To identify the texture features that are better correlated with damage, we analysed each feature in relation to ground truth data, i.e., the StEER/GHI Fulcrum dataset. First, we assigned each Fulcrum damage record to the corresponding building footprint. Depending on data availability in the analysed area, the proposed approach can be used with different building footprint maps, such as OpenStreetMap (OSM 2021) and Microsoft Building Footprints (Microsoft 2023), or more detailed datasets provided by local authorities. Since a cadastral dataset was not available for our study area and the OpenStreetMap building dataset for Les Cayes is not sufficiently accurate, building footprints were digitised manually in a Geographical Information System (GIS) environment for a region in central Les Cayes (Fig. 2). We used a 2-cm-resolution, post-event orthophoto that was acquired by aerial drone on 18 August 2021 and released by HaitiData (HaitiData 2021), a web-based platform developed after the 2010 Haiti earthquake to disseminate GIS and other cartographic data in support of disaster management. To deal with the shape of totally or partially collapsed buildings, an 8-cm-resolution drone orthophoto dated back to October 2016 was also used. This resulted in the map** of a total of 4116 building footprints. For each texture, pixels belonging to the buildings assigned to the StEER/GHI Fulcrum dataset were classified according to the corresponding damage level. This was useful for identifying the most representative texture features to be used for the final damage classification.
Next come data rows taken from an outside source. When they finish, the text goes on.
(* Let $A$ be a physical system of dimension $m$ whose Hamiltonian has a non-degenerate Bohr spectrum, with energy eigenbasis $\{|x\rangle\}_{x\in[m]}$. Let $\rho=\sum_{x,x'}r_{xx'}|x\rangle\langle x'|$ and $\sigma=\sum_{x,x'}s_{xx'}|x\rangle\langle x'|$ be density matrices on $A$, and suppose $r_{xx'}\neq0$ for all $x,x'\in[m]$. Then there exists a time-translation covariant channel $\mathcal{E}:A\to A$ with $\sigma=\mathcal{E}(\rho)$ if and only if the $m\times m$ matrix $Q$ with entries $$q_{xy}=\begin{cases}\min\left\{1,\frac{s_{xx}}{r_{xx}}\right\}&\text{if }x=y,\\ \frac{s_{xy}}{r_{xy}}&\text{otherwise},\end{cases}$$ is positive semidefinite.
   Context: The Hamiltonian $H^A=\sum_x a_x|x\rangle\langle x|$ has a non-degenerate Bohr spectrum if for all $x,y,x',y'\in[m]$: $a_x-a_y=a_{x'}-a_{y'}$ holds iff ($x=x'$ and $y=y'$) or ($x=y$ and $x'=y'$). A channel $\mathcal{E}:A\to A$ is time-translation covariant if $\mathcal{E}(e^{-iH^At}\rho e^{iH^At})=e^{-iH^At}\mathcal{E}(\rho)e^{iH^At}$ for all $t\in\mathbb{R}$ and all states $\rho$. *)

From mathcomp Require Import all_boot all_order all_algebra.
From mathcomp Require Import reals trigo.
From mathcomp.real_closed Require Import complex.
Set Implicit Arguments. Unset Strict Implicit. Unset Printing Implicit Defensive.
Import Order.TTheory GRing.Theory Num.Theory.
Local Open Scope ring_scope.
Local Open Scope complex_scope.

Section QDefs.
Variable R : realType.
Local Notation C := (R[i]).

Definition adjmx (p q : nat) (A : 'M[C]_(p, q)) : 'M[C]_(q, p) :=
  (map_mx conjc A)^T.

Definition psd (n : nat) (A : 'M[C]_n) : Prop :=
  adjmx A = A /\ forall v : 'cV[C]_n, 0 <= (adjmx v *m A *m v) 0 0.

Definition density (m : nat) (rho : 'M[C]_m) : Prop :=
  psd rho /\ \tr rho = 1.

Definition expi (theta : R) : C := cos theta +i* sin theta.

(* Hamiltonian H = sum_x a_x |x><x| in the standard (energy) basis;
   time evolution U_t = e^{-iHt} = diag(e^{-i a_x t}) *)
Definition evol (m : nat) (a : 'I_m -> R) (t : R) : 'M[C]_m :=
  diag_mx (\row_x expi (- (a x * t))).

Definition nondeg_bohr (m : nat) (a : 'I_m -> R) : Prop :=
  forall x y x' y' : 'I_m,
    a x - a y = a x' - a y' <-> ((x = x' /\ y = y') \/ (x = y /\ x' = y')).

(* complete positivity: for every k, id_k (x) E maps positive block
   matrices (elements of M_k (x) M_m written as k x k block matrices)
   to positive block matrices *)
Definition completely_positive (m : nat) (E : 'M[C]_m -> 'M[C]_m) : Prop :=
  forall (k : nat) (X : 'I_k -> 'I_k -> 'M[C]_m),
    psd (\mxblock_(i < k, j < k) X i j) ->
    psd (\mxblock_(i < k, j < k) E (X i j)).

Definition trace_preserving (m : nat) (E : 'M[C]_m -> 'M[C]_m) : Prop :=
  forall X : 'M[C]_m, \tr (E X) = \tr X.

Definition channel (m : nat) (E : {linear 'M[C]_m -> 'M[C]_m}) : Prop :=
  completely_positive E /\ trace_preserving E.

Definition tt_covariant (m : nat) (a : 'I_m -> R) (E : 'M[C]_m -> 'M[C]_m)
  : Prop :=
  forall (t : R) (rho : 'M[C]_m), density rho ->
    E (evol a t *m rho *m adjmx (evol a t))
    = evol a t *m E rho *m adjmx (evol a t).

Definition Qmx (m : nat) (r s : 'M[C]_m) : 'M[C]_m :=
  \matrix_(x, y) (if x == y then Order.min 1 (s x x / r x x)
                  else s x y / r x y).

End QDefs.

From HB Require Import structures.
From mathcomp Require Import all_boot all_order all_algebra.
From mathcomp Require Import reals trigo.
From mathcomp.real_closed Require Import complex.
From mathcomp Require Import ring sesquilinear spectral.
Set Implicit Arguments. Unset Strict Implicit. Unset Printing Implicit Defensive.
Import Order.TTheory GRing.Theory Num.Theory.
Local Open Scope ring_scope.
Local Open Scope complex_scope.

(* Covariance is assumed on states only, but extends by linearity and polarization to every
   matrix. As the phases exp(i (a_x - a_y) t) separate the Bohr frequencies, the (x, y) entry
   of E |p><q| can then be nonzero only if (p, q) = (x, y), or p = q and x = y. Hence
   s_xy = r_xy M_xy for x != y, where M_xy = <x| E |x><y| |y> is a compression of the Choi
   matrix of E, so M is psd; trace preservation and positivity give M_xx <= 1 and
   r_xx M_xx <= s_xx, i.e. M_xx <= q_xx, and Q = M + (nonnegative diagonal) is psd.
   Conversely, if Q is psd then E X = Q o X + (sum_x (1 - q_xx) X_xx / G) diag(g), with
   g_y = s_yy - q_yy r_yy and G = sum_y g_y, is a covariant channel mapping rho to sigma: its
   Schur part has Kraus operators diag(b_l) for a factorization Q = B^* B with rows b_l, and
   its second part has Kraus operators sqrt(g_y (1 - q_xx) / G) |y><x|. *)

Lemma mul_delta_mx_delta (K : pzRingType) m n p q
    (i : 'I_m) (x : 'I_n) (y : 'I_p) (j : 'I_q) (A : 'M[K]_(n, p)) :
  delta_mx i x *m A *m delta_mx y j = A x y *: delta_mx i j.
Proof.
apply/matrixP => u v; rewrite mxE (bigD1 y) //= big1 => [|w /negbTE wy]; last first.
  by rewrite [delta_mx y j w v]mxE wy mulr0.
rewrite mxE (bigD1 x) //= big1 => [|z /negbTE zx]; last first.
  by rewrite [delta_mx i x u z]mxE zx andbF mul0r.
rewrite !mxE !eqxx !andbT !addr0.
by case: (u == i); case: (v == j); rewrite ?mul1r ?mul0r ?mulr1 ?mulr0.
Qed.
To highlight areas with different concentrations of heavily damaged structures, we divided our area of interest into 75 city blocks, with an average of 48 buildings per block. We considered a city block as the smallest group of buildings that is surrounded by streets, and therefore derived the city blocks from the OpenStreetMap road network (OSM 2021). Notably, the reflections associated with open spaces, e.g., car park, bare ground, and vegetation present within a specific block, can have a large impact on the average texture (Dell’Acqua and Polli 2011). For example, the textural signature of heaps of debris and high vegetation can be very similar (Kuny et al. 2015). To mitigate the impact of vegetation and open spaces on the final damage classification, only the pixels within building footprints were used to estimate the average texture within the corresponding block. This approach also mitigates the possible influence of city block size on the final results, as long as there are no city block including only a few buildings. City blocks were then classified into five damage classes, based on the averaged value of the relevant texture feature computed within the block. The five damage levels, from 1 to 5, were labelled as “very low”, “low”, “intermediate”, “high” and “very high”.

4.2 Landslide detection

For the first stage of the optical-based landslide detection methodology, we developed a fully manual inventory of earthquake-induced landslides from the Sentinel-2 imagery. This was done by processing the imagery to false colour RGB images with the red band set to the near-infrared multispectral band and the green and blue bands kept to the green and blue multispectral bands. The pre- and post-event imagery was then inspected to locate bare-earth features that appeared between the timeslices. Landslides bare earth attributes were distinguished from characteristics related to other processes, such as anthropogenic land-use change relating to road cuts, deforestation or land clearing, or fluvial processes such as channel bank erosion. Each feature identified as a landslide was delineated within a GIS environment as a polygon that included the source, runout, and deposition zone of each landslide. Care was taken to avoid landslide amalgamation, where multiple intersecting landslides can be erroneously mapped as one single polygon (Marc and Hovius 2015). Finally, we exported all identified landslides into a single shapefile, which constitutes the final landslide inventory.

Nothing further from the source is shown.